Clinical Annotation & Validation
  • Perform reviews of nuclear medicine imaging exams and provide clinical insight and annotations to support AI model training and refinement. Clinical review tasks include review of studies with and without AI assistance for identification and delineation of areas of interest on a variety of nuclear medicine images (e.g., FDG, PSMA-PET/CT, SPECT) with precision and accuracy.
  • Validate AI outputs for clinical accuracy, safety, and relevance across defined use cases.
  • Review model errors and edge cases; provide structured clinical insights to improve performance.
  • Advise on clinically meaningful metrics, thresholds, and evaluation criteria.

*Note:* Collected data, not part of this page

(* Let $G$ be a finite group and $n$ a positive divisor of $|G|$. Then $G$ has at least $d(n)$ cyclic subgroups whose order divides $n$. Moreover the following are equivalent: (1) for every positive divisor $m$ of $n$, $G$ has exactly $m$ elements $x$ with $x^m=1$; (2) $G$ has exactly $d(n)$ cyclic subgroups whose order divides $n$; (3) the subgroup of $G$ generated by all cyclic subgroups of $G$ of order dividing $n$ is cyclic of order $n$.
   Context: $d(n)$ denotes the number of positive divisors of $n$. *)

From mathcomp Require Import all_boot all_fingroup all_solvable.
Set Implicit Arguments. Unset Strict Implicit. Unset Printing Implicit Defensive.
Local Open Scope group_scope.

Definition ndivisors (n : nat) : nat := size (divisors n).

Definition cyc_subgroups_dvd (gT : finGroupType) (G : {set gT}) (n : nat)
  : {set {set gT}} :=
  [set H : {set gT} | [&& group_set H, H \subset G, cyclic H & #|H| %| n]].
(* Induction on [#|P|]: a cycle bounds in the rank selection with one more
   colour [c], and [c] is then peeled off the filling; the links of the vertices
   of colour [c] are again rank-selected links, covered by the induction. *)
Lemma Hvanish_rank_sel_lk n t P k : t \in K -> t != set0 ->
  [disjoint P & kappa @: t] -> #|P| = n -> (k + #|t| + n < d)%N ->
  Hvanish F (rank_sel (lk K t) kappa (~: P)) k.
Proof.
elim: n t P k => [|n IH] t P k tK tn dP cP hk.
  move/eqP: cP; rewrite cards_eq0 => /eqP ->.
  have -> : rank_sel (lk K t) kappa (~: set0) = lk K t.
    by apply/setP=> s; rewrite in_rank_sel setC0 subsetT andbT.
  by apply: (hB tK tn); lia.
have [c cP'] : exists c, c \in P by apply/set0Pn; rewrite -cards_eq0 cP.
set P' := P :\ c.
have cP1 : #|P'| = n by move: cP; rewrite (cardsD1 c) cP' add1n => -[].
have dP' : [disjoint P' & kappa @: t] := disjointWl (subsetDl P [set c]) dP.
set R := rank_sel (lk K t) kappa (~: P').
have cR : is_complex R by apply/rank_sel_complex/lk_complex.
have sRR : {subset rank_sel (lk K t) kappa (~: P) <= R}.
  move=> s; rewrite !in_rank_sel => /andP[-> /colorsP h]; apply/colorsP => y ys.
  by move: (h y ys); rewrite /P' !inE negb_and => ->; rewrite orbT.
move=> z hz bz.
have [b hb bb] := IH t P' k tK tn dP' cP1 ltac:(lia) z (chain_of_sub sRR hz) bz.
have [|||b' [hb' bb'] hc] := peel_color (c := c) cR _ hb.
- by apply: inj_on_faces_sub iK => s /rank_sel_sub /lk_sub.
- move=> s x kx xs; rewrite -bb; apply/eqP; apply: contraT => /(chainP hz) [].
  by rewrite in_rank_sel => /andP[_ /colorsP /(_ x xs)]; rewrite inE kx cP'.
- move=> x kx; have xt : x \notin t.
    by apply/negP => xt; move: (disjointFr dP cP'); rewrite -kx (imset_f _ xt).
  rewrite lk_rank_sel; last by rewrite imset_set1 sub1set !inE kx eqxx.
  rewrite lk_lk ?disjoint_set1 // setUC.
  have [xtK|xtK] := boolP (x |: t \in K); last first.
    rewrite lk_notin //; have -> : rank_sel set0 kappa (~: P') = set0.
      by apply/setP=> s; rewrite in_rank_sel in_set0.
    exact: Hvanish_set0.
  apply: IH => //.
  - by apply/set0Pn; exists x; rewrite setU11.
  - by rewrite imsetU1 disjointsU1 dP' andbT kx !inE eqxx.
  - by rewrite cardsU1 xt; lia.
exists b'; last by rewrite bb'.
move=> s nz; have [sR sk] := chainP hb' nz.
move: sR; rewrite !in_rank_sel sk eqxx andbT => /andP[-> /colorsP h] /=.
apply/colorsP => y ys; move: (h y ys); rewrite !inE negb_and negbK.
by case: eqP => // kyc; move: (hc s nz); rewrite -kyc imset_f.
Qed.

End RankSelectedLinks.

End Colouring.

Section RankSelection.
Variables (F : fieldType) (V : finType) (d : nat) (kappa : V -> 'I_d).
Variable D : {set {set V}}.
Hypotheses (cD : is_complex D) (iD : inj_on_faces kappa D).
Local Notation chain := {ffun {set V} -> F}.
Implicit Types (s t : {set V}) (S : {set 'I_d}).

Lemma card_colors s : s \in D -> #|kappa @: s| = #|s|.
Proof. by move=> sD; apply: card_in_imset; apply: iD. Qed.

Lemma card_rank_sel_face S s : s \in rank_sel D kappa S -> (#|s| <= #|S|)%N.
Proof. by rewrite in_rank_sel => /andP[sD cs]; rewrite -card_colors // subset_leq_card. Qed.

(* A facet of [D] meets every colour class exactly once. *)
Lemma facet_rank_sel S t : t \in D -> #|t| = d ->
  [set x in t | kappa x \in S] \in rank_sel D kappa S /\
  #|[set x in t | kappa x \in S]| = #|S|.
Proof.
move=> tD td; set s := [set x in t | kappa x \in S].
have sD : s \in D by apply: cD tD _; apply/subsetP => x; rewrite inE => /andP[].
have imt : kappa @: t = setT.
  by apply/eqP; rewrite eqEcard subsetT cardsT card_ord card_colors // td leqnn.
split; first by rewrite in_rank_sel sD; apply/colorsP => y; rewrite inE => /andP[].
rewrite -card_colors //; apply: eq_card => i; apply/imsetP/idP.
  by case=> x; rewrite inE => /andP[_ h] ->.
move=> iS; have /imsetP[x xt eix] : i \in kappa @: t by rewrite imt inE.
by exists x => //; rewrite inE xt -eix iS.
Qed.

Strategic product feedback
  • Provide concise, actionable clinical feedback on product features and workflows.
  • Advise product teams on feature prioritization based on clinical impact, risk, and feasibility.
  • Support retrospective and prospective analyses to assess clinical validity and real-world utility of AI models.
  • Evaluate usability and workflow integration from a clinician's perspective.

Cross-Functional Collaboration
  • Collaborate asynchronously with clinical, product, and data science teams.
  • Serve as a part-time clinical advisor supporting rapid iteration and informed decision-making.

Why Join Nucs AI
  • Work at the frontier of clinical AI: Help advance next-generation oncology tools in nuclear molecular imaging.
  • Have real clinical influence: Your work and feedback directly shape model performance, product behavior, and clinical reliability.
  • High scientific rigor: Contribute to clinically grounded development with a strong focus on safety, accuracy, and real-world validity.
  • Collaborate with a high-caliber team: Work closely with clinicians, engineers, and data scientists who move fast and value clarity.
  • Flexible by design: Part-time, contract, and fully remote with flexible hours (location restrictions may apply).
  • Mission that matters: Help improve how cancer care is delivered - at scale, and with real patient impact.

Required Qualifications
  • ABR/ABNM Board certified physician with minimum 3 or more years of experience in Nuclear Medicine (or Diagnostic Radiology with subspecialty certification in Nuclear Medicine).
  • Active, unrestricted medical license in the US.
  • Possesses demonstrated expertise in interpreting PET imaging for radioligand tracers such as FDG, PSMA, and SSTR, and in radioligand therapies.
  • Exceptional attention to detail and a commitment to producing high-quality work.

Preferred Experience
  • Prior experience with healthcare AI, digital health, or clinical informatics.
  • Experience with data annotation, clinical validation, or quality review.
  • Familiarity with ML concepts, model evaluation, or human-in-the-loop systems.
  • Experience advising on product strategy or clinical product development.